115.5 g of ammonium metavanadate from HC Starck (V ₂ O ₅ content = 75.6% by weight; 0.96 mol V ⁵⁺ ) became clear in 6000 ml of water at 80 ° C. with nitrogen flushing and with stirring yellowish solution dissolved. 600.5 g of ammonium heptamolybdate tetrahydrate from HC Starck (MoO ₃ content = 81.5% by weight; 3.4 mol of Mo) were then dissolved in this solution while maintaining the 80 ° C. and the nitrogen purge with stirring. 12.23 g of elementary V powder from ChemPur in 76204 Karlsruhe (100% V; 0.24 mol V ^{± 0} ) were added to the clear aqueous solution obtained while maintaining the nitrogen purge and the 80 ° C. while stirring and then under Maintaining the boundary conditions continued for 4 h. The dark blue-black aqueous suspension obtained was cooled to 60 ° C. and stirred at this temperature for a further 12 h while maintaining the nitrogen purge. 104.3 g of ammonium paratungstate heptahydrate from Starck (WO ₃ content = 88.90% by weight; 0.4 mol W) were then added, while the nitrogen purge and the 60 ° C. were continued, and the mixture was stirred for 1 h. Thereafter, while maintaining the nitrogen purge and the 60 ° C., 81.46 g of Cs ₂ CO ₃ from ChemPur in 76204 Karlsruhe (100%; 0.5 mol Cs) were added and the mixture was stirred for a further hour. The resulting aqueous suspension was spray dried as in Comparative Example 1. Then 100 g of the spray powder were thermally treated as in Comparative Example 2. The associated X-ray diffractogram of the resulting active mass shows the 4 , It shows almost pure i-phase. The relative intensities and positions of the diffraction reflections of the contained i-phase are as follows: there] I [%] 13.29 11 11.19 24 9.79 24 8.16 8th there] I [%] 3,966 100 3,524 20 3,405 39 3, 345 48 3,283 90 3,173 39 3,060 38 2,937 28 2,859 35

Example 3 Cs _0.5 [Mo ₃ , ₅ V ⁺⁴ ₁ Te _0.5 O ₁₄ ] ₁

96.2 g of ammonium metavanadate from HC Starck (V ₂ O ₅ content = 75.6% by weight; 0.8 mol V ⁵⁺ ) became clear in 6000 ml of water at 80 ° C. with nitrogen flushing and with stirring yellowish solution dissolved. 618.2 g of ammonium heptamolybdate tetrahydrate from HC Starck (MoO ₃ content = 81.5% by weight; 3.5 mol of Mo) were then dissolved in this solution while maintaining the 80 ° C. and the nitrogen purge with stirring. 10.19 g of elementary V powder from ChemPur in 76204 Karlsruhe (100% V; 0.2 mol ^{V ± 0} ) were added to the clear aqueous solution obtained while maintaining the nitrogen purge and the 80 ° C. while stirring and then stirring continued for 4 h while maintaining the boundary conditions. The dark blue-black aqueous suspension obtained was cooled to 60 ° C. and stirred at this temperature for a further 12 h while maintaining the nitrogen purge. Thereafter, while continuing the nitrogen purge and the 60 ° C., 114.82 g of Te acid from Fluka (CH-9471 Buchs, 100%; 0.5 mol Te) were added and stirring was continued for 1 h. Then 81.5 g of Cs ₂ CO ₃ from ChemPur (100%; 0.5 mol Cs) were added while maintaining the boundary conditions and the mixture was stirred for a further hour.

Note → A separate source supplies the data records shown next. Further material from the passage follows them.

(* [P - Q] splits into the orthogonal pieces [P (1 - Q)] and [(1 - P) Q]. *)
Lemma sqnorm_orthoprojB_le P Q c : is_orthoproj P -> is_orthoproj Q ->
  (forall w, sqnorm ((1%:M - P) *m (Q *m w)) <= c ^+ 2 * sqnorm w) ->
  (forall w, sqnorm (P *m ((1%:M - Q) *m w)) <= c ^+ 2 * sqnorm w) ->
  forall v, sqnorm ((P - Q) *m v) <= c ^+ 2 * sqnorm v.
Proof.
move=> hP hQ PCQ PQC v.
set a := P *m ((1%:M - Q) *m v); set b := (1%:M - P) *m (Q *m v).
have -> : (P - Q) *m v = a - b.
  by rewrite /a /b !mulmxBl !mul1mx mulmxBr mulmxA opprB addrA subrK.
have ab0 : dotv a b = 0.
  by rewrite /a /b orthoproj_dotv // mulmxA mulmxBr mulmx1 hP.2 subrr mul0mx dotv0.
rewrite sqnormB ab0 mulr0 subr0 (sqnorm_orthoproj_split v hQ) mulrDr addrC.
apply: lerD.
  by rewrite /b -{1}hQ.2 -mulmxA; apply: PCQ.
have -> : v - Q *m v = (1%:M - Q) *m v by rewrite mulmxBl mul1mx.
by rewrite /a -{1}(orthoprojC hQ).2 -mulmxA; apply: PQC.
Qed.

Lemma sqnorm_orthoprojC_lift_le P Q c x y :
  is_orthoproj P -> is_orthoproj Q -> c ^+ 2 <= 1 ->
  Q *m x = x -> P *m x = y ->
  sqnorm (x - P *m x) <= c ^+ 2 * sqnorm x ->
  sqnorm (y - Q *m y) <= c ^+ 2 * sqnorm y.
Proof.
move=> hP hQ c1 Qx Px PCx.
(* [|y|^2 = <Q y, x>], and Cauchy-Schwarz moves the bound from [(1 - P) x] to [(1 - Q) y]. *)
have ay : sqnorm y = dotv (Q *m y) x.
  have Py : P *m y = y by rewrite -Px mulmxA hP.2.
  by rewrite orthoproj_dotv // Qx dotvC /sqnorm -{1}Px orthoproj_dotv // Py.
have CS := cauchy_schwarz (Q *m y) x; rewrite -ay in CS; clear ay.
have sx := sqnorm_orthoproj_split x hP; rewrite Px in sx PCx.
have sy := sqnorm_orthoproj_split y hQ.
move: CS sx sy PCx.
set a := sqnorm y; set q := sqnorm (Q *m y); set X := sqnorm x.
set e := sqnorm (y - Q *m y); set f := sqnorm (x - y) => CS sx sy PCx.
have a0 : 0 <= a := sqnorm_ge0 _; have q0 : 0 <= q := sqnorm_ge0 _.
have e0 : 0 <= e := sqnorm_ge0 _.
have X1 : (1 - c ^+ 2) * X <= a by rewrite mulrBl mul1r; lra.
have a2 : (1 - c ^+ 2) * a ^+ 2 <= q * a.
  apply: le_trans (ler_wpM2l _ CS) _; first lra.
  by rewrite mulrCA; apply: ler_wpM2l.
have [az|anz] := eqVneq a 0; first by move: sy; rewrite az; lra.
have apos : 0 < a by rewrite lt_def anz a0.
have : (1 - c ^+ 2) * a <= q by rewrite -(ler_pM2r apos) -mulrA -expr2.
lra.
Qed.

The aqueous suspension obtained was spray-dried as in Comparative Example 1 and 100 g of the spray powder obtained in a rotary ball oven according to 1 the DE-A 10122027 (1 l internal volume) heated under an air flow of 50 Nl / h within 50 min with a linear ramp from 25 ° C to 275 ° C and then kept at 275 ° C for 30 min while maintaining the air flow.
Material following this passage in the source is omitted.